The art of punditry involves calling on these narratives, and mobilising them to support conclusions that probably don’t warrant them. For instance:
A correspondent sent in this nugget of news, from Schnews that
“Proof that the bloated American dream is finally collapsing under its own weight. Icon of the oil age, Disneyland is being forced to close a number of rides for a major overhaul this winter. Seats need widening and rides reinforcing to stop them breaking under the groaning weight of yer average grotesquely obese punter.

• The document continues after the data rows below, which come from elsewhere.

(* Both Σ and Γ prove x^ω x = x and (x y)^ω x = x, and these two identities
   hold exactly in the completely simple semigroups, which satisfy Σ and Γ.
   Fix an idempotent pseudoword e such that, in every finite semigroup,
   (e g e)^ω = e for each letter g and each product g = y^ω x^ω of letter
   idempotents; it is the stable value of the iteration r |-> (r g r)^ω.
   From the two identities one proves
     w = x^ω e (e x^ω e)^(ω-1) . e w e . (e y^ω e)^(ω-1) e y^ω
   with x, y the first and last letters of w, and that e w e equals its value
   in a Rees matrix semigroup over the maximal subgroup at e, with sandwich
   entries P(y, x) = (e y^ω e)^(ω-1) e y^ω x^ω e (e x^ω e)^(ω-1).  That Rees
   matrix semigroup is completely simple, so it satisfies every u = v valid in
   [[Σ]]; hence u and v have the same first and last letters and the same
   middle part, and u = v is provable. *)

(** * Powers in a finite semigroup *)

Lemma pigeonhole_nat (T : finType) (f : nat -> T) :
  exists i j, [/\ i < j, j <= #|T| & f i = f j].
Proof.
have : ~~ injectiveb (fun k : 'I_#|T|.+1 => f k).
  by apply/injectiveP => /leq_card; rewrite card_ord ltnn.
case/injectivePn => k1 [k2 ne eq12].
have [k1T k2T] := (ltn_ord k1, ltn_ord k2).
case: (ltngtP k1 k2) => [lt12|lt21|/val_inj e12]; last by rewrite e12 eqxx in ne.
- by exists k1, k2.
- by exists k2, k1.
Qed.
Lemma hangs_setD1 S b z z' : z != b -> hangs (S :\ b) z z' -> ~~ trace_edge S b z ->
  hangs S z z'.
Proof.
move=> zb [/setD1P[_ z'S] z'z H] NE; split=> // a zT T2.
have E : trace (S :\ b) a = trace S a :\ b by rewrite /trace setIDA.
have zT' : z \in trace (S :\ b) a by rewrite E in_setD1 zb.
have [T2'|] := ltnP 1 #|trace (S :\ b) a|.
  by move: (H a zT' T2'); rewrite E => /setD1P[].
rewrite E => T1; case/negP: NE; rewrite /trace_edge eq_sym zb /=.
apply/existsP; exists a.
have bT : b \in trace S a.
  by apply: contraTT T2; rewrite -leqNgt (cardsD1 b) => /negbTE->.
have [x Ex] : exists x, trace S a :\ b = [set x].
  apply/cards1P; rewrite eqn_leq T1 card_gt0; apply/set0Pn; exists z.
  by rewrite in_setD1 zb.
have zx : z = x by apply/set1P; rewrite -Ex in_setD1 zb.
by rewrite -(setD1K bT) Ex zx.
Qed.

Lemma hangs_pair z z' : z' != z -> hangs [set z; z'] z z'.
Proof.
move=> z'z; split=> //; first by rewrite !inE eqxx orbT.
move=> a _ T2; have -> : trace [set z; z'] a = [set z; z'].
  by apply/eqP; rewrite eqEcard subsetIr cards2 eq_sym z'z.
by rewrite !inE eqxx orbT.
Qed.

Lemma hangable_lift S b x : two_hangable (S :\ b) ->
  (forall w, trace_edge S b w -> w = x) -> exists2 z, z \in S :\ b & hangable S z.
Proof.
move=> [z1 [z2 [z12 z1S z2S [z1' h1] [z2' h2]]]] bx.
have lift z z' : z \in S :\ b -> z != x -> hangs (S :\ b) z z' ->
    exists2 z, z \in S :\ b & hangable S z.
  move=> zS zx h; exists z => //; exists z'; apply: hangs_setD1 h _.
    by case/setD1P: zS.
  by apply: contra zx => /bx ->.
have [z1x|z1x] := eqVneq z1 x; last exact: lift z1S z1x h1.
by apply: lift z2S _ h2; rewrite -z1x eq_sym.
Qed.

Lemma trace_edge_cycle_hole (S : {set V}) c : S \subset B -> 2 < size c -> uniq c ->
  {subset c <= S} -> cycle (trace_edge S) c -> exists h, hole adj h /\ size h = (size c).*2.
Proof.
move=> /subsetP SB c2 uc cS cyc; have [asym _] := Hs.
have n0 : 0 < size c by apply: leq_trans c2.
have /hasP[x0 x0c _] : has predT c by rewrite has_predT.
set n := size c in c2 n0 *.
pose b l := nth x0 c l.
have bc l : b l \in c by rewrite /b; case: (ltnP l n) => [/mem_nth|/(nth_default x0)->].
have bNA l : b l \in A = false by apply/negbTE; rewrite -(bipartition_inB Hb) SB ?cS.
pose a l := odflt x0 [pick a | trace S a == [set b l; b (l.+1 %% n)]].
have traceA l : l < n -> trace S (a l) = [set b l; b (l.+1 %% n)].
  move=> ln; have := cycle_cnth x0 l n0 cyc; rewrite /cnth (modn_small ln).
  case/andP=> _ /existsP[a' Ea']; rewrite /a; case: pickP => [? /eqP //|/(_ a')].
  by rewrite Ea'.
have b_in_a l m : l < n -> m < n ->
    (b l \in nbhd adj (a m)) = (l == m) || (l == m.+1 %% n).
  move=> ln mn; have <- : b l \in trace S (a m) = (b l \in nbhd adj (a m)).
    by rewrite inE cS ?bc ?andbT.
  by rewrite traceA // !inE !nth_uniq // ltn_pmod.
have aA l : l < n -> a l \in A.
  move=> ln; have : b l \in nbhd adj (a l) by rewrite b_in_a ?eqxx.
  by rewrite inE asym => /(bipartition_adj Hb) ->; rewrite bNA.
exists (interleave n a b); split; last by rewrite size_mkseq.
apply: interleave_hole => //.
- by apply: leq_trans c2.
- move=> l m ln mn e; apply: (succ_mod_pair_inj c2 ln mn).
    by rewrite -b_in_a // -e b_in_a // eqxx.
  by rewrite -b_in_a ?ltn_pmod // -e b_in_a ?ltn_pmod // eqxx orbT.
- by move=> l m ln mn /eqP; rewrite nth_uniq // => /eqP.
- by move=> l m ln _; apply: contraTneq (aA l ln) => ->; rewrite bNA.
- by move=> l m ln mn; apply/negP => /(bipartition_adj Hb); rewrite !aA.
- by move=> l m _ _; apply/negP => /(bipartition_adj Hb); rewrite !bNA.
- by move=> l m ln mn; rewrite -b_in_a // inE asym.
Qed.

It’s hard not to see similar portents in American society. I’m in Chicago at the moment, and was struck by an advert for Solgar vitamins on the side of a bus: “Get your vitamins from a bottle, not from a can of cola”. The makers of the rancid yellow pills had in their sights the Coca Cola Company, which has launched Diet Coke Plus – diet coke, but with extra vitamins. In a sense it’s to be expected – Diet Coke famously tastes like someone emptied a chemistry set into it. It’s just a matter of time before slightly less toxic chemicals were blended into the mix.
But Solgar are fighting against the tide. The idea that, just like the Jetsons, we might take our entire nutritive needs in pill form is, well, *so* 1960s. Today’s dream is that we’ll be able to get all our nutritional needs from a suitably fortified happy meal.
And it’ll get some healthy federal backing. The Chicago Foodies tell the tale of graph at the top of this story, showing why it is that a Happy Meal is cheaper than a salad.
It’s all grist for Cassandras like me, who ask where we’re going, and why we are in this handbasket.